Associate Justice of South Carolina
- In office April 17, 1935 – January 1, 1954
- Preceded by: John G. Stabler
- Succeeded by: Lionel K. Legge

Personal details
- Born: November 4, 1883 Walterboro, South Carolina
- Died: January 30, 1964 (aged 80)
- Spouse: Mary Gage
- Alma mater: The Citadel

= Edward Ladson Fishburne =

American judge

Edward Ladson Fishburne was a South Carolina state supreme court justice and grandson of Lieutenant Governor Merrick E. Carn.
He graduated from The Citadel in 1904 and taught school for two years afterwards.

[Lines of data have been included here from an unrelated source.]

Lemma weak_snr_Afrac P a b : 0 < P -> 0 < a -> 0 < b ->
  P * b * (1 - Afrac P a b) / (P * b * Afrac P a b + 1) = P * a * Afrac P a b.
Proof.
move=> P0 a0 b0; have := Afrac_root P0 a0 (ltW b0).
have := Afrac_ge0 P0 a0 (ltW b0); set A := Afrac P a b => A0 root.
have D0 : P * b * A + 1 != 0.
  by rewrite gt_eqF //; have := mulr_ge0 (mulr_ge0 (ltW P0) (ltW b0)) A0; lra.
apply: (canLR (mulfK D0)); apply/eqP; rewrite -subr_eq0; apply/eqP.
transitivity (P * (b - (P * a * b * A ^+ 2 + (a + b) * A))); first by ring.
by rewrite root subrr mulr0.
Qed.

Lemma eq_snr_min0 P a b : Num.min a b = 0 -> eq_snr P a b = 0.
Proof. by rewrite /eq_snr => ->; rewrite Afrac0 mulr0. Qed.

Lemma balanced_eq_snr {P a b} : 0 < P -> 0 < Num.min a b ->
  balanced_snr P (Num.max a b) (Num.min a b) (eq_snr P a b).
Proof.
move=> P0 m0; apply: balanced_snr_Afrac => //; last exact: ltW.
by apply: lt_le_trans m0 _; rewrite ge_min le_max lexx.
Qed.

Lemma eq_snr_ge0 {P a b} : 0 < P -> 0 <= a -> 0 <= b -> 0 <= eq_snr P a b.
Proof.
move=> P0 a0 b0; have [m0|] := ltP 0 (Num.min a b); last first.
  by move=> m0; rewrite eq_snr_min0 //; apply/le_anti; rewrite m0 le_min a0.
have M0 : 0 < Num.max a b by apply: lt_le_trans m0 _; rewrite ge_min le_max lexx.
by apply: mulr_ge0; [nra | exact: Afrac_ge0 (ltW m0)].
Qed.

Lemma rmaxE P h1 h2 : rmax P h1 h2 = log2 (1 + eq_snr P h1 h2).
Proof. by rewrite /rmax /eq_snr; case: leP. Qed.

(* A zero quantised gain forces [alpha = 0] and both adapted rates to [0], in
   agreement with [eq_snr] since [Afrac P a 0 = 0]. *)
Lemma rmin_qE P Delta T h1 h2 : 0 < P ->
  0 <= qr Delta T h1 -> 0 <= qr Delta T h2 ->
  rmin_q P Delta T h1 h2 = log2 (1 + eq_snr P (qr Delta T h1) (qr Delta T h2)).
Proof.
move=> P0; rewrite /rmin_q /eq_snr.
move: (qr Delta T h1) (qr Delta T h2) => a1 a2 a10 a20 /=.
have [a21 | /ltW a12] := leP a2 a1; case: ifPn => [/andP[a1p a2p] | pos].
- by rewrite weak_snr_Afrac // mulrAC minxx.
- have -> : a2 = 0 by move: pos; rewrite negb_and -!leNgt; case/orP; lra.
  by rewrite Afrac0 !(mulr0, mul0r, addr0, subr0, invr1, minxx).
- by rewrite weak_snr_Afrac // mulrAC minxx.
- have -> : a1 = 0 by move: pos; rewrite negb_and -!leNgt; case/orP; lra.
  by rewrite Afrac0 !(mulr0, mul0r, addr0, subr0, invr1, minxx).
Qed.

Lemma balanced_snr_le_weak {P a b s} : 0 < a -> 0 <= b -> 0 <= s ->
  balanced_snr P a b s -> s <= P * b.
Proof.
rewrite /balanced_snr => a0 b0 s0 Bs; rewrite -(ler_pM2r a0).
have : 0 <= s * b + s ^+ 2 * b by rewrite addr_ge0 ?mulr_ge0 ?sqr_ge0.
have -> : P * b * a = P * a * b by ring.
lra.
Qed.

Lemma balanced_snr_le_strong {P a b s} : 0 <= a -> 0 < b -> 0 <= s ->
  balanced_snr P a b s -> s * (1 + s) <= P * a.
Proof.
rewrite /balanced_snr => a0 b0 s0 Bs; rewrite -(ler_pM2r b0).
have : 0 <= s * a by exact: mulr_ge0.
have -> : s * (1 + s) * b = s * b + s ^+ 2 * b by ring.
lra.
Qed.

Lemma balanced_snr_le {P a b s u} : 0 < a -> 0 < b -> 0 <= u ->
  balanced_snr P a b s -> P * a * b <= u * a + u * b + u ^+ 2 * b -> s <= u.
Proof.
rewrite /balanced_snr => a0 b0 u0 <- Bu; rewrite leNgt; apply/negP => us.
have : u ^+ 2 * b <= s ^+ 2 * b.
  by rewrite ler_pM2r // ler_sqr ?nnegrE; lra.
have : u * a < s * a by rewrite ltr_pM2r.
have : u * b < s * b by rewrite ltr_pM2r.
lra.
Qed.

Lemma balanced_snr_perturb P (hs hw qs qw : R) L s t :
  0 < P -> 0 < hs -> 0 < hw -> 0 < qs -> 0 < qw -> 0 <= L ->
  hs <= qs + L -> hw <= qw + L -> 0 <= t ->
  balanced_snr P hs hw s -> balanced_snr P qs qw t -> s <= t + P * L * (1 + t).
Proof.
move=> P0 hs0 hw0 qs0 qw0 L0 hsL hwL t0 Bs Bt; set u := t + P * L * (1 + t).
have PL0 : 0 <= P * L by exact: mulr_ge0 (ltW P0) L0.
have tu : t <= u by rewrite /u; have := mulr_ge0 PL0 (addr_ge0 ler01 t0); lra.
have tw := balanced_snr_le_weak qs0 (ltW qw0) t0 Bt.
have ts := balanced_snr_le_strong (ltW qs0) qw0 t0 Bt.
have weak : t * hw <= u * qw.
  have : t * L <= P * qw * (1 + t) * L by apply: ler_wpM2r => //; nra.
  have : t * hw <= t * (qw + L) by exact: ler_wpM2l.
  rewrite /u; lra.
have strong : t * (1 + t) * hs <= u * (1 + u) * qs.
  have grow : t * (1 + t) + P * L <= u * (1 + u).
    have -> : u * (1 + u) = t * (1 + t) + P * L * ((1 + t) * (1 + u + t)).
      by rewrite /u; ring.
    by rewrite lerD2l ler_peMr //; nra.
  have := ler_wpM2r (ltW qs0) grow.
  have : t * (1 + t) * L <= P * qs * L by exact: ler_wpM2r.
  have : t * (1 + t) * hs <= t * (1 + t) * (qs + L) by apply: ler_wpM2l; nra.
  lra.
apply: balanced_snr_le Bs _ => //; first lra.
have qq : 0 < qs * qw by exact: mulr_gt0.
rewrite -(ler_pM2l qq).
have -> : qs * qw * (P * hs * hw) = qs * hs * (t * hw) + qw * hw * (t * (1 + t) * hs).
  by transitivity (P * qs * qw * hs * hw); [ring | rewrite -Bt; ring].
have -> : qs * qw * (u * hs + u * hw + u ^+ 2 * hw) =
          qs * hs * (u * qw) + qw * hw * (u * (1 + u) * qs) by ring.
by apply: lerD; apply: ler_wpM2l => //; apply: mulr_ge0; exact: ltW.
Qed.

Lemma eq_snr_perturb {P h1 h2 a1 a2 : R} : 0 < P -> 0 < h1 -> 0 < h2 ->
  0 <= a1 <= h1 -> 0 <= a2 <= h2 ->
  eq_snr P h1 h2 <= eq_snr P a1 a2
    + P * ((h1 - a1) + (h2 - a2)) * (1 + eq_snr P a1 a2).
Proof.
move=> P0 h10 h20 /andP[a10 a1h] /andP[a20 a2h].
set L := (h1 - a1) + (h2 - a2); set t := eq_snr P a1 a2.
have mh0 : 0 < Num.min h1 h2 by rewrite lt_min h10.
have Mh0 : 0 < Num.max h1 h2 by rewrite lt_max h10.
have [Mh mh] : Num.max h1 h2 <= Num.max a1 a2 + L /\ Num.min h1 h2 <= Num.min a1 a2 + L.
  by rewrite /L; case: (leP h1 h2); case: (leP a1 a2); split; lra.
have Bs := balanced_eq_snr P0 mh0.
have [ma0 | ma0] := ltP 0 (Num.min a1 a2).
  have Ma0 : 0 < Num.max a1 a2 by apply: lt_le_trans ma0 _; rewrite ge_min le_max lexx.
  apply: balanced_snr_perturb Bs (balanced_eq_snr P0 ma0) => //.
    by rewrite /L; lra.
  exact: eq_snr_ge0.
have ma : Num.min a1 a2 = 0 by apply/le_anti; rewrite ma0 le_min a10.
rewrite /t (eq_snr_min0 P a1 a2 ma) add0r addr0 mulr1.
apply: le_trans (balanced_snr_le_weak Mh0 (ltW mh0) _ Bs) _.
  exact: eq_snr_ge0 (ltW h10) (ltW h20).
by rewrite ler_pM2l // -[L]add0r -ma.
Qed.

Lemma ler_log2 u v : 0 < u -> u <= v -> log2 u <= log2 v.
Proof.
move=> u0 uv; have l2 : 0 < ln (2 : R) by rewrite ln_gt0 // ltr1n.
by rewrite /log2 ler_pM2r ?invr_gt0 // ler_ln ?posrE //; exact: lt_le_trans uv.
Qed.
(* Let $G$ be a finite simple graph on $[d]$. Then: (a) for $I\in\{\langle [I_G]_2\rangle, J_G, L_G\}$, $I$ is a prime ideal if and only if $I=I_G$; (b) $I_G=\langle [I_G]_2\rangle$ if and only if $I_G$ is generated by quadratic binomials; (c) $\langle [I_G]_2\rangle=J_G$ if and only if the complement graph $\overline{G}$ has no $3$-cycle; (d) $J_G=L_G$ if and only if $G$ is a complete multipartite graph on a vertex partition $V_1\sqcup\cdots\sqcup V_t$ with $|V_j|\le 3$ for every $j$.
   Context: A stable set of $G$ is a subset of $[d]$ with no edge of $G$ (including $\emptyset$ and singletons); $S(G)$ is the set of stable sets; $R[G]=\mathbb{K}[x_S : S\in S(G)]$ over a field $\mathbb{K}$, all variables of degree $1$. $I_G$ is the kernel of $\pi:R[G]\to\mathbb{K}[t_1,\dots,t_d,s]$, $\pi(x_S)=s\prod_{j\in S}t_j$ (a binomial $\prod x_{S_i}-\prod x_{T_i}$ of equal degree lies in $I_G$ iff the multiset unions of the $S_i$ and of the $T_i$ coincide). $\langle [I_G]_2\rangle$ is the ideal generated by the degree-$2$ homogeneous elements of $I_G$. $J_G$ is the ideal generated by all $x_{S_1}x_{S_2}-x_{S_3}x_{S_4}$ with $S_i\in S(G)$, $S_1\cap S_2=S_3\cap S_4=\emptyset$, $S_1\cup S_2=S_3\cup S_4$. $L_G=\langle x_{S\setminus\{i\}}x_{\{i\}}-x_Sx_\emptyset : i\in S\in S(G),\ |S|\ge2\rangle$. By convention, ''$I_G$ is generated by quadratic binomials'' includes the case $I_G=\{0\}$. A complete multipartite graph on $V_1\sqcup\dots\sqcup V_t$ has an edge between two vertices iff they lie in different parts. *)

From HB Require Import structures.
From mathcomp Require Import all_boot all_algebra.
From mathcomp Require Import mpoly.
Set Implicit Arguments. Unset Strict Implicit. Unset Printing Implicit Defensive.
Import GRing.Theory.
Local Open Scope ring_scope.

Section Defs.
Variables (K : fieldType) (d : nat) (G : rel 'I_d).
(* For each $\kappa\in[0,1]$, the problem (SMOP3) $$\min_{(g,h)}\ \tilde f_\kappa(g,h)=\kappa g+(1-\kappa)h\quad\text{subject to }(g,h)\in S,$$ where $$S=\Big\{(\hat g,\hat h)\in\mathbb R^2:\ \exists(\bar{\mathbf a},\mathbf s)\in\mathbb S \text{ with } \hat g=g(\bar{\mathbf a}),\ \hat h=h(\mathbf s),\ \text{and }\exists\,\mathbf z=(\mathbf z_1^\top,\dots,\mathbf z_{\mathcal I}^\top)^\top\in\mathbb D \text{ with } \bar{\mathbf a}=\tfrac1{\mathcal I}\textstyle\sum_{i=1}^{\mathcal I}\mathbf z_i\Big\},$$ has an optimal solution. For $\kappa\in(0,1)$ the optimal solution is unique.
   Context: Setting (a network of $\mathcal I\in\mathbb N$ residential energy systems with batteries). Fix an integer horizon $N\ge 2$, a time $k\in\mathbb N_0$, a step length $T>0$, and write $[m:n]=\{m,\dots,n\}$. For each $i\in[1:\mathcal I]$ the following are given: constants $\alpha_i,\beta_i,\gamma_i\in(0,1]$, a capacity $C_i\ge0$, bounds $\underline u_i<0<\bar u_i$, an initial state $x_i(k)\in[0,C_i]$, and data $w_i(n)\in\mathbb R$ for $n\in[k:k+N-1]$. Let $\mathbb U_i$ be the set of $(u^-,u^+)\in\mathbb R^2$ with $\underline u_i\le u^-\le0$, $0\le u^+\le\bar u_i$ and $0\le u^-/\underline u_i+u^+/\bar u_i\le1$. Let $\mathbb D_i\subset\mathbb R^N$ be the set of $\mathbf z_i=(z_i(k),\dots,z_i(k+N-1))^\top$ for which there exist $(u_i^-(n),u_i^+(n))\in\mathbb U_i$, $n\in[k:k+N-1]$, with $x_i(n+1)=\alpha_i x_i(n)+T(\beta_iu_i^+(n)+u_i^-(n))\in[0,C_i]$ and $z_i(n)=w_i(n)+u_i^+(n)+\gamma_iu_i^-(n)$ for all $n\in[k:k+N-1]$; let $\mathbb D=\mathbb D_1\times\dots\times\mathbb D_{\mathcal I}$. A reference vector $\bar\zeta\in\mathbb R^N$ and tube bounds $\underline{\mathbf c},\bar{\mathbf c}\in\mathbb R^N$ are given, and $$\mathbb S=\Big\{(\bar{\mathbf z},\mathbf s)\in\mathbb R^N\times\mathbb R^{2N}_{\ge0}:\ \begin{pmatrix}I\\-I\end{pmatrix}\bar{\mathbf z}-\mathbf s\le\begin{pmatrix}\bar{\mathbf c}\\-\underline{\mathbf c}\end{pmatrix}\Big\}.$$ The objective functions are $g(\bar{\mathbf z})=\frac1N\|\bar{\mathbf z}-\bar\zeta\|_2^2$ on $\mathbb R^N$ and $h(\mathbf s)=\|\mathbf s\|_2^2$ on $\mathbb R^{2N}_{\ge0}$. *)

From HB Require Import structures.
From mathcomp Require Import all_boot all_order all_algebra.
From mathcomp Require Import reals.
Set Implicit Arguments. Unset Strict Implicit. Unset Printing Implicit Defensive.
Import Order.TTheory GRing.Theory Num.Theory.
Local Open Scope ring_scope.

He later entered the legal profession of his father, William Josiah Fishburne, a distinguished South Carolina lawyer. After his father's death, he took a partner named Major Madison P. Howell, a longtime friend. He also served as Walterboro mayor, like his grandfather, and as a state militia officer. He was appointed to the office of associate justice of the South Carolina Supreme Court on April 17, 1935, which he held for some 19 years until 1954.

He married Ms. Mary Gage, the daughter of South Carolina Associate Supreme Court Justice George W. Gage of Chester. The Fishburnes had two biological children and adopted four others.

In 2003, the South Carolina Chief Justice Jean H. Toal met with the family to unveil a portrait of the late justice.